Prepared By R.R. Donnelley Financial -- Form 8-K
 
UNITED STATES
SECURITIES AND EXCHANGE COMMISSION
Washington, D.C. 20549
 
Form 8-K
 
Current Report
Pursuant to Section 13 or 15(d) of the Securities Exchange Act of 1934
 
Date of Report (Date of earliest event reported):  01/17/2007
 
SCHOLASTIC CORPORATION
(Exact name of registrant as specified in its charter)
 
Commission File Number:  000-19860
 
DELAWARE
  
13-3385513
(State or other jurisdiction of
  
(IRS Employer
incorporation)
  
Identification No.)
 
557 BROADWAY
NEW YORK, NY 10012
(Address of principal executive offices, including zip code)
 
(212) 343-6100
(Registrant’s telephone number, including area code)
 
(Former name or former address, if changed since last report)
 
Check the appropriate box below if the Form 8-K filing is intended to simultaneously satisfy the filing obligation of the registrant under any of the following provisions:

[  ]   Written communications pursuant to Rule 425 under the Securities Act (17 CFR 230.425)

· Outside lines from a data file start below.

(* Let $\mathcal{A}$, $D(\mathcal{A})$, $H(\mathcal{A})$, $H(\mathcal{A}^* )$ be as in the context, let $a,a',b,b'\in\mathbb{Z}_{\ge0}$ with $(-1)^{a+a'}=-1$, $(-1)^{b+b'}=1$, and let $\eta:D(\mathcal{A})\to H(\mathcal{A})\otimes H(\mathcal{A}^* )$ be the algebra homomorphism $$\eta(e_\alpha\otimes 1)=\sum_{\beta,\gamma}(-1)^{a|\beta|+b|\gamma|}\mu^{\beta\gamma}_\alpha e_\beta\otimes\tilde e_\gamma,\qquad \eta(1\otimes e^\alpha)=\sum_{\beta,\gamma}(-1)^{a'|\beta|+b'|\gamma|}m^\alpha_{\gamma\beta}e^\beta\otimes\tilde e^\gamma.$$ Let $R=\sum_\alpha(e_\alpha\otimes1)\otimes(1\otimes e^\alpha)\in D(\mathcal{A})\otimes D(\mathcal{A})$ be the universal $R$-matrix. Then, in $H(\mathcal{A})\otimes H(\mathcal{A}^* )\otimes H(\mathcal{A})\otimes H(\mathcal{A}^* )$ (tensor positions $1,2,3,4$), $$(\eta\otimes\eta)(R)=S''_{14}\,S_{13}\,\tilde S_{24}\,S'_{23},$$ where $S=\sum_\alpha(-1)^{|\alpha|}e_\alpha\otimes e^\alpha$, $\tilde S=\sum_\alpha\tilde e_\alpha\otimes\tilde e^\alpha$, $S'=\sum_\alpha(-1)^{(a+b'+1)|\alpha|}\tilde e_\alpha\otimes e^\alpha$, $S''=\sum_\alpha(-1)^{(a+b')|\alpha|}e_\alpha\otimes\tilde e^\alpha$, and $X_{ij}$ denotes $X$ placed in tensor positions $i,j$ with $1$ elsewhere.
   Context: Graded tensor products: $(a_1\otimes b_1)(a_2\otimes b_2)=(-1)^{|b_1||a_2|}a_1a_2\otimes b_1b_2$. $\mathcal{A}$ is a $\mathbb{Z}_2$-graded Hopf algebra over $\mathbb{C}$ with homogeneous basis $e_\alpha$ of degree $|\alpha|$, $e_\alpha e_\beta=\sum_\gamma m^\gamma_{\alpha\beta}e_\gamma$, $\Delta(e_\alpha)=\sum\mu^{\beta\gamma}_\alpha e_\beta\otimes e_\gamma$, antipode coefficients $\gamma(e_\alpha)=\sum\gamma_\alpha^\beta e_\beta$ with inverse $(\gamma^{-1})^\beta_\alpha$; $\mathcal{A}^*$ the dual Hopf algebra with dual basis $e^\alpha$. The Drinfeld double $D(\mathcal{A})$ is spanned by $e_\alpha\otimes e^\beta$ with relations $(e_\alpha\otimes1)(1\otimes e^\beta)=e_\alpha\otimes e^\beta$, $(e_\alpha\otimes1)(e_\beta\otimes1)=\sum m^\gamma_{\alpha\beta}e_\gamma\otimes1$, $(1\otimes e^\alpha)(1\otimes e^\beta)=\sum(-1)^{|\alpha||\beta|}\mu^{\alpha\beta}_\gamma 1\otimes e^\gamma$, $(1\otimes e^\alpha)(e_\beta\otimes1)=\sum(-1)^{|\mu|(|\sigma|+|\delta|)}m^\mu_{\nu\gamma}m^\alpha_{\mu\delta}\mu^{\epsilon\rho}_\beta\mu^{\sigma\nu}_\rho(\gamma^{-1})^\delta_\epsilon e_\sigma\otimes e^\gamma$. The Heisenberg double $H(\mathcal{A})$ is spanned by $e^\alpha\otimes e_\beta$ with product $(e^\alpha\otimes e_\beta)(e^\gamma\otimes e_\delta)=\sum(-1)^{|\beta||\gamma|+|\pi||\epsilon|+|\pi||\alpha|+|\epsilon|}m^\gamma_{\pi\epsilon}m^\tau_{\rho\delta}\mu^{\epsilon\rho}_\beta\mu^{\alpha\pi}_\sigma e^\sigma\otimes e_\tau$, with $e_\alpha=1\otimes e_\alpha$, $e^\alpha=e^\alpha\otimes1$. The Heisenberg double $H(\mathcal{A}^* )$ is spanned by $\tilde e_\alpha\otimes\tilde e^\beta$ with product $(\tilde e_\alpha\otimes\tilde e^\beta)(\tilde e_\gamma\otimes\tilde e^\delta)=\sum(-1)^{|\rho||\pi|+|\rho||\epsilon|+|\pi||\delta|}\mu^{\rho\epsilon}_\gamma\mu^{\pi\delta}_\tau m^\beta_{\epsilon\pi}m^\sigma_{\alpha\rho}\tilde e_\sigma\otimes\tilde e^\tau$, with $\tilde e_\alpha=\tilde e_\alpha\otimes1$, $\tilde e^\alpha=1\otimes\tilde e^\alpha$ of degree $|\alpha|$. *)

From HB Require Import structures.
From mathcomp Require Import all_boot all_order all_algebra.
Set Implicit Arguments. Unset Strict Implicit. Unset Printing Implicit Defensive.
Import Order.TTheory GRing.Theory Num.Theory.
Local Open Scope ring_scope.
(* In the algebraic decision tree model, any algorithm that finds the elimination order of a set of $n$ growing disks in the plane, or of a set of $n$ growing squares in the plane, requires $\Omega(n\log n)$ time.
   Context: Growing prioritized disks: centers $p_1,\dots,p_n\in\mathbb{R}^2$ and growth rates $v_1,\dots,v_n>0$; at time $t\ge0$ disk $D_i$ is centered at $p_i$ with radius $tv_i$ (for squares: the axis-aligned square centered at $p_i$ with edge length $2v_it$). Smaller index means higher priority; $t(i,j)$ is the time at which objects $i$ and $j$ would first touch (for disks $|p_ip_j|/(v_i+v_j)$). Whenever objects $i<j$ touch at time $t(i,j)$ and neither has been removed before, object $j$ is removed at that time and object $i$ keeps growing. The elimination order is the sequence of objects sorted by the times at which they are removed (object $1$ is never removed). *)

From mathcomp Require Import all_boot all_order all_algebra.
From mathcomp Require Import reals.
From mathcomp Require Import mpoly.
Import Order.TTheory GRing.Theory Num.Theory.

Set Implicit Arguments.
Unset Strict Implicit.
Unset Printing Implicit Defensive.

Local Open Scope ring_scope.

Section Elimination.
Variable R : realType.

(* Removal times live in R extended by +oo, encoded as option R (None = +oo,
   i.e. "never removed"). *)
Definition le_ext (a b : option R) : bool :=
  match a, b with
  | _, None => true
  | None, Some _ => false
  | Some x, Some y => x <= y
  end.

Definition min_ext (a b : option R) : option R :=
  if le_ext a b then a else b.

[  ]   Soliciting material pursuant to Rule 14a-12 under the Exchange Act (17 CFR 240.14a-12)

[  ]   Pre-commencement communications pursuant to Rule 14d-2(b) under the Exchange Act (17 CFR 240.14d-2(b))

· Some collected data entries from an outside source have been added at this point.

Lemma bumped_in_U1 A y0 s k n : measurable A ->
  A `<=` [set x | n.+1%:R^-1 <= mu x y0]%R -> (0 <= k)%R -> (k%:E * P A <= eps%:E) ->
  U (bumped A y0 s k).
Proof.
move=> mA A_mu k_ge0 kPA_le.
have normE : (fun x => (norm1w (mu x) (fun y => bumped A y0 s k x y - rhat x y))%:E) =
    (fun x => (\1_A x * k)%:E).
  by apply/funext => x; rewrite bumpedB norm1w_bump.
split; last by rewrite normE integral_indic_mulr.
have [m_rhat [int_rhat _]] := rhat_reward.
split; [|split; last by rewrite normE; exact: integrable_indic_mulr].
  by move=> y; apply: measurable_funD => //; exact: measurable_bump.
move=> b Pb; have [[M z_le] mz] := z_rep Pb.
rewrite (_ : (fun x => _) = (fun x => (inner (z b x) (rhat x))%:E +
                                      (z b x y0 * bump A y0 s k x y0)%:E)); last first.
  by apply/funext => x; rewrite -EFinD innerDr /bump inner_single eqxx.
apply: integrableD => //; first exact: int_rhat.
apply: (@le_integrable _ _ _ _ _ measurableT _ (EFin \o cst (M * (k * n.+1%:R)))%R).
- by apply/measurable_EFinP/measurable_funM => //; exact: measurable_bump.
- move=> x _; rewrite /= !lee_fin (le_trans _ (ler_norm _)) // normrM.
  by rewrite ler_pM // (normr_bump_le _ _ k_ge0 A_mu).
- exact: finite_measure_integrable_cst.
Qed.

Lemma gain_bumped b A y0 s k x : gain (bumped A y0 s k) b x =
  (\1_A x * k * ((-1) ^+ s * (z b x y0 - z pi x y0) / mu x y0))%R.
Proof. by rewrite /gain bumpedB inner_single; ring. Qed.

Lemma gap_add_le_robust_regret b c : Pi b -> (0 <= c)%R ->
  c%:E < Crel P mu (z b) (z pi) -> gap rhat b + (eps * c)%:E <= robust_regret.
Proof.
move=> Pb c_ge0 c_lt.
have [y0 [s [n PA_neq0]]] := exists_sign_set Pb c_ge0 c_lt.
set A := sign_set b c y0 s n in PA_neq0.
have mA : measurable A by exact: measurable_sign_set.
have A_mu : A `<=` [set x | n.+1%:R^-1 <= mu x y0]%R by move=> x /andP[].
have PA : P A = (fine (P A))%:E by rewrite fineK // fin_num_measure.
set a := fine (P A) in PA.
have a_gt0 : (0 < a)%R by rewrite -lte_fin -PA lt0e PA_neq0 measure_ge0.
pose k := (eps / a)%R.
have k_ge0 : (0 <= k)%R by rewrite divr_ge0 // ltW.
have U_bumped : U (bumped A y0 s k).
  apply: (@bumped_in_U1 A y0 s k n mA A_mu k_ge0).
  by rewrite PA -EFinM /k divfK // gt_eqF.
apply: le_trans (gap_le_robust_regret U_bumped Pb).
have [bumped_rew _] := U_bumped.
rewrite [leRHS]J_gap_split //.
rewrite leeD2l // (_ : (eps * c)%:E = \int[P]_x (\1_A x * (k * c))%:E); last first.
  by rewrite integral_indic_mulr // PA -EFinM /k mulrAC divfK // gt_eqF.
apply: le_integral => //; [exact: integrable_indic_mulr|exact: integrable_gain bumped_rew Pb|].
move=> x _; rewrite lee_fin gain_bumped indicE.
case: (boolP (x \in A)) => [/set_mem /andP[cs_lt _]|_]; last by rewrite !mul0r.
by rewrite !mul1r ler_wpM2l // ler_pdivlMr // ltW.
Qed.

Lemma le_robust_regret b : Pi b ->
  gap rhat b + eps%:E * Crel P mu (z b) (z pi) <= robust_regret.
Proof.
move=> Pb; have gap_fin : gap rhat b \is a fin_num by rewrite fin_numB !J_fin_num.
rewrite -leeBrDl //; apply: lee_ltEFin => t t_lt; rewrite leeBrDl //.
have [t_lt0|t_ge0] := ltP t 0%R.
  apply: le_trans (gap_le_robust_regret U1_rhat Pb).
  by rewrite -[leRHS]adde0 leeD2l // lee_fin ltW.
have c_lt : (t / eps)%:E < Crel P mu (z b) (z pi).
  move: t_lt; case: Crel => [C| |].
  - by rewrite -EFinM !lte_fin ltr_pdivrMr // mulrC.
  - by rewrite ltry.
  - by rewrite gt0_muleNy ?lte_fin.
have := gap_add_le_robust_regret Pb (divr_ge0 t_ge0 (ltW eps_gt0)) c_lt.
by rewrite mulrC divfK // gt_eqF.
Qed.

Lemma robust_regretE :
  robust_regret = ereal_sup [set gap rhat b + eps%:E * Crel P mu (z b) (z pi) | b in Pi].
Proof.
apply/le_anti/andP; split; first exact: robust_regret_le.
by apply: ge_ereal_sup => _ [b Pb <-]; exact: le_robust_regret.
Qed.

End robust_regret.

Theorem mainTheorem15 (d : measure_display) (X : measurableType d) (R : realType)
  (Y : finType) (P : probability X R) (Pol : Type) (Pi : set Pol)
  (z : Pol -> X -> Y -> R) (mu : X -> Y -> R) (rhat : X -> Y -> R) (eps : R) :
  Pi !=set0 ->
  (forall b, Pi b -> policy_rep (z b)) ->
  weight_family mu ->
  reward_fun P Pi z mu rhat rhat ->
  0 < eps ->
  forall pi, Pi pi ->
  (ereal_sup [set (ereal_sup [set J P (z b) r | b in Pi] - J P (z pi) r)%E
              | r in U1 P Pi z mu rhat eps]
   = ereal_sup [set (J P (z b) rhat - J P (z pi) rhat + eps%:E * Crel P mu (z b) (z pi))%E
              | b in Pi])%E.
Proof.
(* nonemptiness of [Pi] already follows from [Pi pi] *)
move=> _ z_rep mu_weights rhat_reward eps_gt0 pi Pi_pi.
exact: robust_regretE.
Qed.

[  ]   Pre-commencement communications pursuant to Rule 13e-4(c) under the Exchange Act (17 CFR 240.13e-4(c))
 

Information to be included in the report

 
Item 5.02.    Departure of Directors or Certain Officers; Election of Directors; Appointment of Certain Officers; Compensatory Arrangements of Certain Officers
 
(a) Not applicable.

(b) On January 17, 2007, Mary A. Winston tendered her resignation as Executive Vice President, Chief Financial Officer and Chief Accounting Officer of Scholastic Corporation (the "Company"), effective January 22, 2007. Ms. Winston will continue to serve as an employee of the Company through July 21, 2007, with the title of Executive Consultant, Finance. The terms of Ms. Winston's employment will be governed by a new agreement, providing for a base salary of $47,895 per month through July 21, 2007, and a severance payment, to be made in July or August 2007, in the amount of $574,740. In addition, the Company will accelerate the vesting of certain stock options and restricted stock unit awards made to Ms. Winston, and will extend the exercise period of the stock options through December 31, 2007. Ms. Winston will also receive, as consideration for confidentiality, non-competition and other covenants entered into with the Company in connection with her resignation, a payment of $599,740 to be made in July or August 2007.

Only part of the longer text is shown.